Exercise
All lines in the data bearing the string "Local" should be identified and copied.

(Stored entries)
***

Theorem theorem2p6 (F : finFieldType) (p e s n k1 k2 d1 d2 : nat)
  (G1 : 'M[F]_(k1, n)) (H1 : 'M[F]_(n - k1, n))
  (G2 : 'M[F]_(k2, n)) (H2 : 'M[F]_(n - k2, n)) :
  prime p -> p \in [pchar F] -> #|F| = (p ^ e)%N -> (0 < e)%N -> (s < e)%N ->
  lin_code_gen_par d1 G1 H1 ->
  lin_code_gen_par d2 G2 H2 ->
  (n <= k1 + k2)%N ->
  ((\rank (col_mx G1 (mxpow (p ^ (e - s)) H2)) <= k1)%N \/
   (\rank (G1 *m (mxpow (p ^ (e - s)) G2)^T) = (k1 - dim_cap_gdual p s G1 G2)%N /\
    (k1 - dim_cap_gdual p s G1 G2 <= k1 + k2 - n)%N)) ->
  exists (d : nat) (Q : {vspace qstate F n}),
    is_qcode p e Q (k1 + k2 - n) d /\ (minn d1 d2 <= d)%N.
Proof.
move=> _ pcharFp cardF e_gt0 /ltnW s_le_e code1 code2 n_le_k hyp.
set A := mxpow (p ^ (e - s)) H2 in hyp *.
have A_sub_G1 : (A <= G1)%MS.
  case: hyp => [rk_col | [_ dim_cap]].
    by apply: submx_of_rank_col_mx; rewrite (rank_gen code1).
  apply: (parity_frob_sub_gen_of_dim_cap pcharFp cardF s_le_e code2); lia.
set B := row_base (G1 :\: A)%MS.
have B_sub_G1 : (B <= G1)%MS by rewrite eq_row_base diffmxSl.
exists (minn d1 d2), <<coset_states A B>>%VS; split => //; split.
  rewrite dim_coset_span; last exact: row_base_diffmx_indep.
  rewrite mxrank_diffmx_sub // (rank_gen code1).
  rewrite (mxrank_mxpow pcharFp) (rank_parity code2); congr expn.
  by have := code_dim_le_length code2; lia.
exact: (qmin_dist_coset_code pcharFp cardF e_gt0 s_le_e code1 code2 B_sub_G1 A_sub_G1).
Qed.
(* Supremum of a family of nonnegative reals over an index set, in \bar R,
   with the usual convention that the supremum over the empty set is 0. *)
Definition sup_over {R : realType} (S : set int) (f : int -> R) : \bar R :=
  ereal_sup ([set 0%E] `|` [set (f i)%:E | i in S]).

From HB Require Import structures.
From mathcomp Require Import all_boot all_order all_algebra.
From mathcomp Require Import all_classical all_reals all_analysis.
From mathcomp Require Import zify ring lra.

(* Write Phi = phi(phi0,phi1) and f = phi1/phi0.  Along the discretizing
   sequence tt, Phi grows at least fourfold and Phi(t)/t shrinks at least
   fourfold every two steps.  On a block [tau_k, tau_(k+1)] the function phi0
   is either almost constant (k in Z1) or almost linear (k in Z2); since
   Phi = phi0 * phi(f), accordingly phi(f) doubles or halves every two steps,
   and by quasi-concavity of phi so does f.  On a block [z_k, z_(k+1)] the
   same holds with Phi = phi1 * (phi(f)/f).  Hence along every block f^r is
   monotone with ratio 2^(-|r|) every two steps, and such a sum is at most a
   constant times its largest term. *)

Set Implicit Arguments. Unset Strict Implicit. Unset Printing Implicit Defensive.
Import Order.TTheory GRing.Theory Num.Theory.
Local Open Scope classical_set_scope.
Local Open Scope ring_scope.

***

Answer to this exercise
Local Open Scope classical_set_scope.
Local Open Scope ring_scope.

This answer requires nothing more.